Question

Show by the Principle of Mathematical Induction that the sum S_n of the n term of the series 1² + 2 × 2² + 3² + 2 × 4² + 5² + 2 × 6² ... is given by

S_n = `{{:((n(n + 1)^2)/2",",  "if n is even"),((n^2(n + 1))/2",",  "if n is odd"):}`

Answer 1

Here P(n): S_n = `{{:((n(n + 1)^2)/2",",  "when n is even"),((n^2(n + 1))/2",",  "when n is odd"):}`

Also, note that any term T_n of the series is given by

T_n = `{{:(n^2, "if n is odd"),(2n^2, "if n is even"):}`

We observe that P(1) is true.

Since P(1): S₁ = 1²

= 1

= `(1.2)/2`

= `(1^2.(1 + 1))/2`

Assume that P(k) is true for some natural number k, i.e.

Case 1: When k is odd, then k + 1 is even.

We have P(k + 1) : S_{k + 1} = 1² + 2 × 2² + ... + k² + 2 × (k + 1)²

= `(k^2(k + 1))/2 + 2 xx (k + 1)^2`

= `((k + 1))/2 [k^2 + 4(k + 1)]`  .....(As k is odd, 1² + 2 × 2² + ... + k² = `k^2 ((k + 1))/2`)

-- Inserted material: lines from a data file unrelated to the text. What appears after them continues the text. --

Definition Banach (X : NormedSpace) : Prop :=
  forall u : nat -> X,
    (forall eps, eps > 0 -> exists N, forall n m, (n >= N)%nat -> (m >= N)%nat ->
        vnorm X (vsub X (u n) (u m)) < eps) ->
    exists l : X, Un_cv (fun n => vnorm X (vsub X (u n) l)) 0.

Definition is_linear (X Y : NormedSpace) (T : X -> Y) : Prop :=
  forall a b x y, T (vadd X (vscal X a x) (vscal X b y)) =
                  vadd Y (vscal Y a (T x)) (vscal Y b (T y)).

Definition bounded_linear (X Y : NormedSpace) (T : X -> Y) : Prop :=
  is_linear X Y T /\ exists M, forall x, vnorm Y (T x) <= M * vnorm X x.

Definition opnorm (X Y : NormedSpace) (T : X -> Y) : R :=
  Rsup (fun r => exists x : X, vnorm X x <= 1 /\ r = vnorm Y (T x)).

Definition is_dual (X : NormedSpace) (g : X -> R) : Prop :=
  (forall a b x y, g (vadd X (vscal X a x) (vscal X b y)) = a * g x + b * g y) /\
  exists M, forall x, Rabs (g x) <= M * vnorm X x.

Definition dnorm (X : NormedSpace) (g : X -> R) : R :=
  Rsup (fun r => exists x : X, vnorm X x <= 1 /\ r = Rabs (g x)).

Definition bidual_ball (X : NormedSpace) (phi : (X -> R) -> R) : Prop :=
  (forall a b g h, is_dual X g -> is_dual X h ->
     phi (fun x => a * g x + b * h x) = a * phi g + b * phi h) /\
  (forall g, is_dual X g -> Rabs (phi g) <= dnorm X g).

(** n(X^*, f) for f in S_{X^*}: largest k >= 0 with
    k ||z|| <= sup { |phi z| : phi in D(X^*, f) } for all z in X^*. *)
Definition numidx_dual (X : NormedSpace) (f : X -> R) : R :=
  Rsup (fun k => 0 <= k /\
    forall z, is_dual X z ->
      k * dnorm X z <= Rsup (fun r => exists phi, bidual_ball X phi /\ phi f = 1 /\
                                              r = Rabs (phi z))).

(** Octahedrality of a subspace H (with norm nrm) of a vector space V.
    A finite-dimensional subspace E of H is the span of a finite list of elements of H. *)
Definition in_span (V : Type) (zero : V) (add : V -> V -> V) (scal : R -> V -> V)
  (l : list V) (x : V) : Prop :=
  exists cv : list (R * V), Forall (fun p => In (snd p) l) cv /\
    x = fold_right (fun p acc => add (scal (fst p) (snd p)) acc) zero cv.

Definition octahedral_in (V : Type) (zero : V) (add : V -> V -> V) (scal : R -> V -> V)
  (nrm : V -> R) (H : V -> Prop) : Prop :=
  forall (l : list V) (eps : R), Forall H l -> eps > 0 ->
    exists y, H y /\ nrm y = 1 /\
      forall x lam, in_span zero add scal l x ->
        nrm (add x (scal lam y)) >= (1 - eps) * (nrm x + Rabs lam).

Definition octahedral (X : NormedSpace) : Prop :=
  octahedral_in (vzero X) (vadd X) (vscal X) (vnorm X) (fun _ => True).

Definition op_zero (X Y : NormedSpace) : X -> Y := fun _ => vzero Y.
Definition op_add (X Y : NormedSpace) (S T : X -> Y) : X -> Y :=
  fun x => vadd Y (S x) (T x).
Definition op_scal (X Y : NormedSpace) (a : R) (T : X -> Y) : X -> Y :=
  fun x => vscal Y a (T x).

Definition closed_subspace_L (X Y : NormedSpace) (H : (X -> Y) -> Prop) : Prop :=
  (forall T, H T -> bounded_linear X Y T) /\
  H (op_zero X Y) /\
  (forall S T, H S -> H T -> H (op_add X Y S T)) /\
  (forall a T, H T -> H (op_scal X Y a T)) /\
  (forall (Tn : nat -> X -> Y) (T : X -> Y),
     (forall n, H (Tn n)) -> bounded_linear X Y T ->
     Un_cv (fun n => opnorm X Y (fun x => vsub Y (Tn n x) (T x))) 0 -> H T).

(** X^* ⊗ Y: finite sums of rank-one operators x |-> g(x) y with g in X^*. *)
Definition in_tensor (X Y : NormedSpace) (T : X -> Y) : Prop :=
  exists l : list ((X -> R) * Y),
    Forall (fun p => is_dual X (fst p)) l /\
    forall x, T x = fold_right (fun p acc => vadd Y (vscal Y (fst p x) (snd p)) acc)
                               (vzero Y) l.

(* Let f be a norm-one functional with n(X^*, f) = 1.  Since the states D(X^*, f) norm X^*, every
   operator T is almost normed at points x of the unit ball where f(x) is almost 1: take a
   Hahn-Banach functional g almost norming T, a state psi with |psi(g)| close to |g|, so that
   |f +- g| is close to 1 + |g|, and a point almost norming f +- g.  For a finite-dimensional
   subspace E of H, the bounded part of E is totally bounded, so finitely many such points
   x_1, ..., x_k serve all of S_E up to epsilon.  Pick y in S_Y octahedral for the span of the
   vectors T(x_i), T in E, and take the rank-one operator S x = f(x) y, which lies in H.  For T in
   S_E with matching point x_i,
     |T + l S| >= |T(x_i) + l f(x_i) y| >= (1 - eps) (|T(x_i)| + |l| f(x_i)) ~ (1 - eps) (1 + |l|). *)

From Stdlib Require Import Reals List Lra Classical ClassicalEpsilon FunctionalExtensionality
  ProofIrrelevance.
From mathcomp Require classical_sets.
Set Bullet Behavior "Strict Subproofs".
Open Scope R_scope.

Lemma Rabs_m1 : Rabs (-1) = 1.
Proof. unfold Rabs; destruct Rcase_abs; lra. Qed.

Section NormedSpaceFacts.
Variable V : NormedSpace.
Local Notation "x '+v' y" := (vadd V x y) (at level 50, left associativity).
Local Notation "a '*v' x" := (vscal V a x) (at level 40, left associativity).
Local Notation "0v" := (vzero V).
Local Notation nm := (vnorm V).

Lemma vadd_0l x : 0v +v x = x.
Proof. rewrite vadd_comm; apply vadd_zero. Qed.

Lemma vadd_cancel_l a x y : a +v x = a +v y -> x = y.
Proof.
  intros h. assert (e : vopp V a +v (a +v x) = vopp V a +v (a +v y)) by now rewrite h.
  rewrite !vadd_assoc, (vadd_comm _ (vopp V a) a), vadd_opp, !vadd_0l in e. exact e.
Qed.

Lemma vscal_0l x : 0 *v x = 0v.
Proof. apply (vadd_cancel_l (0 *v x)). rewrite vadd_zero, <- vscal_addl. f_equal. ring. Qed.

Lemma vscal_0r a : a *v 0v = 0v.
Proof.
  pose proof (vscal_assoc V a 0 0v) as e. rewrite vscal_0l, Rmult_0_r, vscal_0l in e. exact e.
Qed.

Lemma vopp_scal x : vopp V x = (-1) *v x.
Proof.
  apply (vadd_cancel_l x). rewrite vadd_opp. rewrite <- (vscal_one _ x) at 1.
  rewrite <- vscal_addl. replace (1 + -1) with 0 by ring. now rewrite vscal_0l.
Qed.

Lemma vadd_ACA a b c d : (a +v b) +v (c +v d) = (a +v c) +v (b +v d).
Proof. rewrite !vadd_assoc. f_equal. rewrite <- !vadd_assoc. f_equal. apply vadd_comm. Qed.

Lemma vnorm_0 : nm 0v = 0.
Proof. rewrite <- (vscal_0l 0v), vnorm_scal, Rabs_R0. ring. Qed.

Lemma vnorm_opp x : nm (vopp V x) = nm x.
Proof. rewrite vopp_scal, vnorm_scal, Rabs_m1. ring. Qed.

Lemma vnorm_ge0 x : 0 <= nm x.
Proof.
  pose proof (vnorm_triangle V x (vopp V x)) as h.
  rewrite vadd_opp, vnorm_0, vnorm_opp in h. lra.
Qed.

Lemma vsub_add x y : vsub V x y +v y = x.
Proof.
  unfold vsub. rewrite <- vadd_assoc, (vadd_comm _ (vopp V y)), vadd_opp. apply vadd_zero.
Qed.

Lemma vadd_sub x y : vsub V (x +v y) y = x.
Proof. unfold vsub. rewrite <- vadd_assoc, vadd_opp. apply vadd_zero. Qed.

Lemma vsub_diag x : vsub V x x = 0v.
Proof. apply vadd_opp. Qed.

Lemma vsub_trans x y z : vsub V x z = vsub V x y +v vsub V y z.
Proof.
  unfold vsub. rewrite <- vadd_assoc, (vadd_assoc _ (vopp V y)), (vadd_comm _ (vopp V y) y),
    vadd_opp, vadd_0l. reflexivity.
Qed.

Lemma vsub_ACA a b c d : vsub V (a +v b) (c +v d) = vsub V a c +v vsub V b d.
Proof. unfold vsub. rewrite !vopp_scal, vscal_addr, <- !vopp_scal. apply vadd_ACA. Qed.

Lemma vsub_scal t a b : vsub V (t *v a) (t *v b) = t *v vsub V a b.
Proof. unfold vsub. rewrite !vopp_scal, vscal_addr, !vscal_assoc. f_equal. f_equal. ring. Qed.

Lemma vsub_scall t s v : vsub V (t *v v) (s *v v) = (t - s) *v v.
Proof. unfold vsub. rewrite vopp_scal, vscal_assoc, <- vscal_addl. f_equal. ring. Qed.
Lemma arcP {X : topologicalType} (f : R -> X) :
  Defs.arc f <-> cont01 f /\ inj01 f.
Proof.
rewrite /Defs.arc /inj01; split => -[c i]; split => //.
  by move=> s t hs ht; apply: i; rewrite in_setE; apply/in_unit_interval.
by move=> s t; rewrite !in_setE => /in_unit_interval hs /in_unit_interval ht; apply: i.
Qed.

Lemma rel_ext {X : Type} (P Q : Defs.rel X) :
  (forall a b, P a b <-> Q a b) -> P = Q.
Proof. by move=> H; apply: funext => a; apply: funext => b; apply: propext. Qed.

Section ArcPath.
Context {X : topologicalType}.
Implicit Types f : R -> X.

Lemma arc_path_intro f s t :
  0 <= s -> s <= t -> t <= 1 -> arc_path f (f s) (f t).
Proof. by move=> *; exists s, t. Qed.

Lemma arc_path_carrier f a :
  carrier (arc_path f) a <-> exists s, 0 <= s <= 1 /\ a = f s.
Proof.
split; first by move=> [s [t [h0 [h1 [h2 [-> _]]]]]]; exists s; split => //; lra.
move=> [s [hs ->]]; apply: arc_path_intro; lra.
Qed.

Lemma arc_path_le {f s t} : inj01 f -> 0 <= s <= 1 -> 0 <= t <= 1 ->
  arc_path f (f s) (f t) -> s <= t.
Proof.
move=> inj hs ht [s' [t' [h0 [h1 [h2 [e1 e2]]]]]].
have -> : s = s' by apply: inj => //; lra.
by have -> : t = t' by apply: inj => //; lra.
Qed.

Lemma arc_path_linear {f} : inj01 f -> linear_order (arc_path f).
Proof.
move=> inj; split; [|split; [|split]].
- move=> x y [s [t [h0 [h1 [h2 [-> ->]]]]]]; split; apply: arc_path_intro; lra.
- move=> x y [s [t [h0 [h1 [h2 [-> ->]]]]]] /(arc_path_le inj) ts.
  by have -> : s = t by apply: Rle_antisym => //; apply: ts; lra.
- move=> x y z [s [t [h0 [h1 [h2 [-> ->]]]]]] [t' [u [h0' [h1' [h2' [e ->]]]]]].
  have et : t = t' by apply: inj => //; lra.
  apply: arc_path_intro; lra.
- move=> x y /arc_path_carrier [s [hs ->]] /arc_path_carrier [t [ht ->]].
  by case: (Rle_or_lt s t) => h; [left|right]; apply: arc_path_intro; lra.
Qed.

Lemma arc_path_max f x : inj01 f -> carrier (arc_path f) x ->
  (forall z, carrier (arc_path f) z -> arc_path f z x) -> x = f 1.
Proof.
move=> inj /arc_path_carrier [t [ht ->]] /(_ (f 1)) top.
have ht1 : 1 <= t by apply: (arc_path_le inj) => //; [lra|apply: top; apply: arc_path_intro; lra].
by congr f; lra.
Qed.

Lemma arc_path_min f x : inj01 f -> carrier (arc_path f) x ->
  (forall z, carrier (arc_path f) z -> arc_path f x z) -> x = f 0.
Proof.
move=> inj /arc_path_carrier [t [ht ->]] /(_ (f 0)) bot.
have ht0 : t <= 0 by apply: (arc_path_le inj) => //; [lra|apply: bot; apply: arc_path_intro; lra].
by congr f; lra.
Qed.

Lemma arc_path_inverse f : inverse (arc_path f) = arc_path (fun u => f (1 - u)).
Proof.
have e t : f t = f (1 - (1 - t)) by congr f; ring.
apply: rel_ext => a b; split => -[s [t [h0 [h1 [h2 [-> ->]]]]]].
  by rewrite (e s) (e t); exists (1 - t), (1 - s); do !split => //; lra.
by exists (1 - t), (1 - s); do !split => //; lra.
Qed.

Lemma inj01_reverse {f} : inj01 f -> inj01 (fun u => f (1 - u)).
Proof. by move=> inj s t hs ht /inj H; have := H ltac:(lra) ltac:(lra); lra. Qed.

= `(k + 1)/2 [k^2 + 4k + 4]`

= `(k + 1)/2 (k + 2)^2`

= `(k + 1) ([(k + 1) + 1]^2)/2`

So P(k + 1) is true.

Whenever P(k) is true in the case when k is odd.

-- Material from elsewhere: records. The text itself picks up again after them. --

(* Let $((P,\omega),B)\in \mathrm{Gr}^{\rm po}_{2,1}(\Gamma_{\mathbb R})\times\Gamma_{\mathbb R}$ with $\omega,B\in\Gamma'_{\mathbb R}\oplus\mathbb R v$. Then there is $\sigma\in\Gamma_{\mathbb C}$ with $P=P_\sigma$, $\langle\mathrm{Im}(\sigma),v\rangle=0$ and $\langle\mathrm{Re}(\sigma),v\rangle\neq0$. Define $$\sigma^{\vee}:=\frac{1}{\langle \mathrm{Re}(\sigma),v\rangle}\Big(\mathrm{pr}(B+i\omega)-\tfrac12(B+i\omega)^2v+v^*\Big),$$ $$B^{\vee}+i\omega^{\vee}:=\frac{1}{\langle \mathrm{Re}(\sigma),v\rangle}\Big(\mathrm{pr}(\sigma)-\langle\sigma,B\rangle v\Big),$$ with $B^\vee,\omega^\vee\in\Gamma_{\mathbb R}$. Then: - $((P_{\sigma^\vee},\omega^\vee),B^\vee)\in \mathrm{Gr}^{\rm po}_{2,1}(\Gamma_{\mathbb R})\times\Gamma_{\mathbb R}$; - $\tilde\xi(\gamma((P,\omega),B))=\gamma((P_{\sigma^\vee},\omega^\vee),B^\vee)$. In particular, the $\tilde\xi$-mirror of a point of $\gamma(\mathrm{Gr}^{\rm po}_{2,1}(\Gamma_{\mathbb R})\times\Gamma_{\mathbb R})$ satisfying these hypotheses again lies in $\gamma(\mathrm{Gr}^{\rm po}_{2,1}(\Gamma_{\mathbb R})\times\Gamma_{\mathbb R})$.
   Context: $\Gamma$ is a lattice of signature $(3,b-3)$ with a fixed orthogonal splitting $\Gamma=\Gamma'\oplus U'$, where $U'$ is a hyperbolic plane. $U$ is a further hyperbolic plane with standard basis $(w,w^* )$ ($w^2={w^*}^2=0$, $\langle w,w^*\rangle=1$). An isometry $U'\cong U$ is fixed, and $(v,v^* )$ is the basis of $U'$ corresponding to $(w,w^* )$. $\mathrm{pr}:\Gamma_{\mathbb R}\to\Gamma'_{\mathbb R}$ is the orthogonal projection, extended complex-linearly. The form is extended complex-bilinearly to $\Gamma_{\mathbb C}$. For $\sigma\in\Gamma_{\mathbb C}$ with $\sigma^2=0$ and $(\sigma+\bar\sigma)^2>0$, $P_\sigma$ is the plane spanned by $\mathrm{Re}\,\sigma,\mathrm{Im}\,\sigma$, oriented by this basis. $\mathrm{Gr}^{\rm po}_{2,1}(\Gamma_{\mathbb R})=\{(P,\omega): P$ an oriented positive definite plane in $\Gamma_{\mathbb R}$, $\omega\in P^\perp$, $\omega^2>0\}$. $\mathrm{Gr}^{\rm po}_{2,2}(\Gamma_{\mathbb R}\oplus U_{\mathbb R})$ is the set of pairs $(H_1,H_2)$ of orthogonal oriented positive definite planes in $\Gamma_{\mathbb R}\oplus U_{\mathbb R}$. The map $\gamma:\mathrm{Gr}^{\rm po}_{2,1}(\Gamma_{\mathbb R})\times\Gamma_{\mathbb R}\to \mathrm{Gr}^{\rm po}_{2,2}(\Gamma_{\mathbb R}\oplus U_{\mathbb R})$ sends $((P,\omega),B)$ to $(H_1,H_2)$ where: - $H_1=\{x-\langle x,B\rangle w: x\in P\}$, oriented via $P$; - $H_2$ has the ordered basis $\big(\tfrac12(\omega^2-B^2)w+w^*+B,\ \omega-\langle\omega,B\rangle w\big)$. $\xi\in \mathrm O(\Gamma\oplus U)$ is the identity on $\Gamma'$ and interchanges $U$ and $U'$: $v\leftrightarrow w$, $v^*\leftrightarrow w^*$. $\iota(H_1,H_2)=(H_2,H_1)$. The mirror map is $\tilde\xi=\iota\circ\xi$, acting on $\mathrm{Gr}^{\rm po}_{2,2}(\Gamma_{\mathbb R}\oplus U_{\mathbb R})$. *)

From HB Require Import structures.
From mathcomp Require Import all_boot all_order all_algebra.
From mathcomp Require Import complex.
Set Implicit Arguments. Unset Strict Implicit. Unset Printing Implicit Defensive.
Import Order.TTheory GRing.Theory Num.Theory.
Local Open Scope ring_scope.
Local Open Scope complex_scope.

(* Coordinates.  Gamma = Gamma' (+) U', Gamma' of rank n with integral       *)
(* symmetric Gram matrix G, U' = Z v (+) Z v*.                               *)
(* An element of Gamma_K (K = R or C) is a row vector  row_mx x' u : 'rV_(n+2)*)
(* standing for x' + u_0 v + u_1 v*  (x' in Gamma'_K).                       *)
(* An element of (Gamma (+) U)_K is a row vector row_mx x u : 'rV_(n+2+2)    *)
(* standing for x + u_0 w + u_1 w*  (x in Gamma_K).                          *)

Notation gam K n := 'rV[K]_(n + 2).
Notation gamU K n := 'rV[K]_(n + 2 + 2).

Definition hypU (K : pzRingType) : 'M[K]_2 :=
  \matrix_(i < 2, j < 2) (if i != j then 1 else 0).

Definition gram_full (n : nat) (G : 'M[int]_n) : 'M[int]_(n + 2) :=
  block_mx G 0 0 (hypU int).

Section Forms.
Variables (K : comNzRingType) (n : nat) (G : 'M[int]_n).

Definition intmx (m : nat) (S : 'M[int]_m) : 'M[K]_m := map_mx (fun z => z%:~R) S.

Definition gform (x y : gam K n) : K :=
  (x *m intmx (gram_full G) *m y^T) 0 0.

Definition gUform (x y : gamU K n) : K :=
  (x *m block_mx (intmx (gram_full G)) 0 0 (hypU K) *m y^T) 0 0.

Definition e0 : 'rV[K]_2 := \row_(j < 2) (if j == 0 then 1 else 0).
Definition e1 : 'rV[K]_2 := \row_(j < 2) (if j == 1 then 1 else 0).

Definition vv : gam K n := row_mx 0 e0.
Definition vvs : gam K n := row_mx 0 e1.
Definition ww : gamU K n := row_mx 0 e0.
Definition wws : gamU K n := row_mx 0 e1.
Definition embU (x : gam K n) : gamU K n := row_mx x 0.

Definition pr (x : gam K n) : gam K n := row_mx (lsubmx x) 0.

(* xi : identity on Gamma', v <-> w, v* <-> w* *)
Definition xi (x : gamU K n) : gamU K n :=
  row_mx (row_mx (lsubmx (lsubmx x)) (rsubmx x)) (rsubmx (lsubmx x)).
End Forms.

Definition has_signature (R : realFieldType) (N p : nat) (S : 'M[R]_N) :=
  (p <= N)%N /\ S^T = S /\
  exists M : 'M[R]_N, M \in unitmx /\
    M *m S *m M^T = diag_mx (\row_(i < N) (if (i < p)%N then 1 else -1)).

Section Real.
Variables (R : rcfType) (n : nat) (G : 'M[int]_n).
Local Notation q := (@gform R n G).

Definition posdef_pair (m : nat) (f : 'rV[R]_m -> 'rV[R]_m -> R) (x y : 'rV[R]_m) :=
  forall a b : R, (a != 0) || (b != 0) ->
    0 < f (a *: x + b *: y) (a *: x + b *: y).

Definition same_oplane (m : nat) (p1 p2 : 'rV[R]_m * 'rV[R]_m) :=
  exists a b c d : R,
    p2.1 = a *: p1.1 + b *: p1.2 /\ p2.2 = c *: p1.1 + d *: p1.2 /\
    0 < a * d - b * c.

(* ((P, omega), B) in Gr^po_{2,1}(Gamma_R) x Gamma_R, P given by an
   ordered (orienting) basis (x, y) *)
Definition in_Gr21 (x y om : gam R n) :=
  posdef_pair q x y /\ q x om = 0 /\ q y om = 0 /\ 0 < q om om.

(* gamma((P, omega), B) = (H1, H2), each given by an ordered basis *)
Definition gammaH1 (x y B : gam R n) : gamU R n * gamU R n :=
  (embU x - q x B *: ww R n, embU y - q y B *: ww R n).
Definition gammaH2 (om B : gam R n) : gamU R n * gamU R n :=
  ((2^-1 * (q om om - q B B)) *: ww R n + wws R n + embU B,
   embU om - q om B *: ww R n).
Definition gammaG (x y om B : gam R n) :=
  (gammaH1 x y B, gammaH2 om B).

Definition same_pair (H H' : (gamU R n * gamU R n) * (gamU R n * gamU R n)) :=
  same_oplane H.1 H'.1 /\ same_oplane H.2 H'.2.

(* xi~ = iota o xi, on bases *)
Definition xi_tilde (H : (gamU R n * gamU R n) * (gamU R n * gamU R n)) :=
  ((xi H.2.1, xi H.2.2), (xi H.1.1, xi H.1.2)).

Definition ReG (s : gam R[i] n) : gam R n := map_mx (@complex.Re R) s.
Definition ImG (s : gam R[i] n) : gam R n := map_mx (@complex.Im R) s.
Definition cplx (x y : gam R n) : gam R[i] n := map2_mx (@Complex R) x y.
Definition conjG (s : gam R[i] n) : gam R[i] n := map_mx (fun z : R[i] => Complex (complex.Re z) (- complex.Im z)) s.

(* sigma in Gamma_C with sigma^2 = 0 and (sigma + conj sigma)^2 > 0,
   so that P_sigma (ordered basis (Re sigma, Im sigma)) is defined *)
Definition period (s : gam R[i] n) :=
  gform G s s = 0 /\
  exists r : R, gform G (s + conjG s) (s + conjG s) = r%:C /\ 0 < r.

Definition sigma_dual (s : gam R[i] n) (om B : gam R n) : gam R[i] n :=
  let Z := cplx B om in
  ((q (ReG s) (vv R n))^-1)%:C *:
    (pr Z - (2^-1 * gform G Z Z) *: vv R[i] n + vvs R[i] n).
Definition Bom_dual (s : gam R[i] n) (B : gam R n) : gam R[i] n :=
  ((q (ReG s) (vv R n))^-1)%:C *:
    (pr s - gform G s (cplx B 0) *: vv R[i] n).
End Real.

Case 2: When k is even, then k + 1 is odd.

Now, P(k + 1): 1² + 2 × 2² + ... + 2.k² + (k + 1)²

= `(k(k + 1)^2)/2 + (k + 1)^2`  ......(As k is even, 1² + 2 × 2² + ... + 2k² = `k(k + 1)^2/2`)

= `((k + 1)^2 (k + 2))/2`

= `((k + 1)^2 ((k + 1) + 1))/2`

Therefore, P(k + 1) is true.

Whenever P(k) is true for the case when k is even.

Thus, P(k + 1) is true.

Whenever, P(k) is true for any natural numbers k.

Hence, P(n) true for all natural numbers.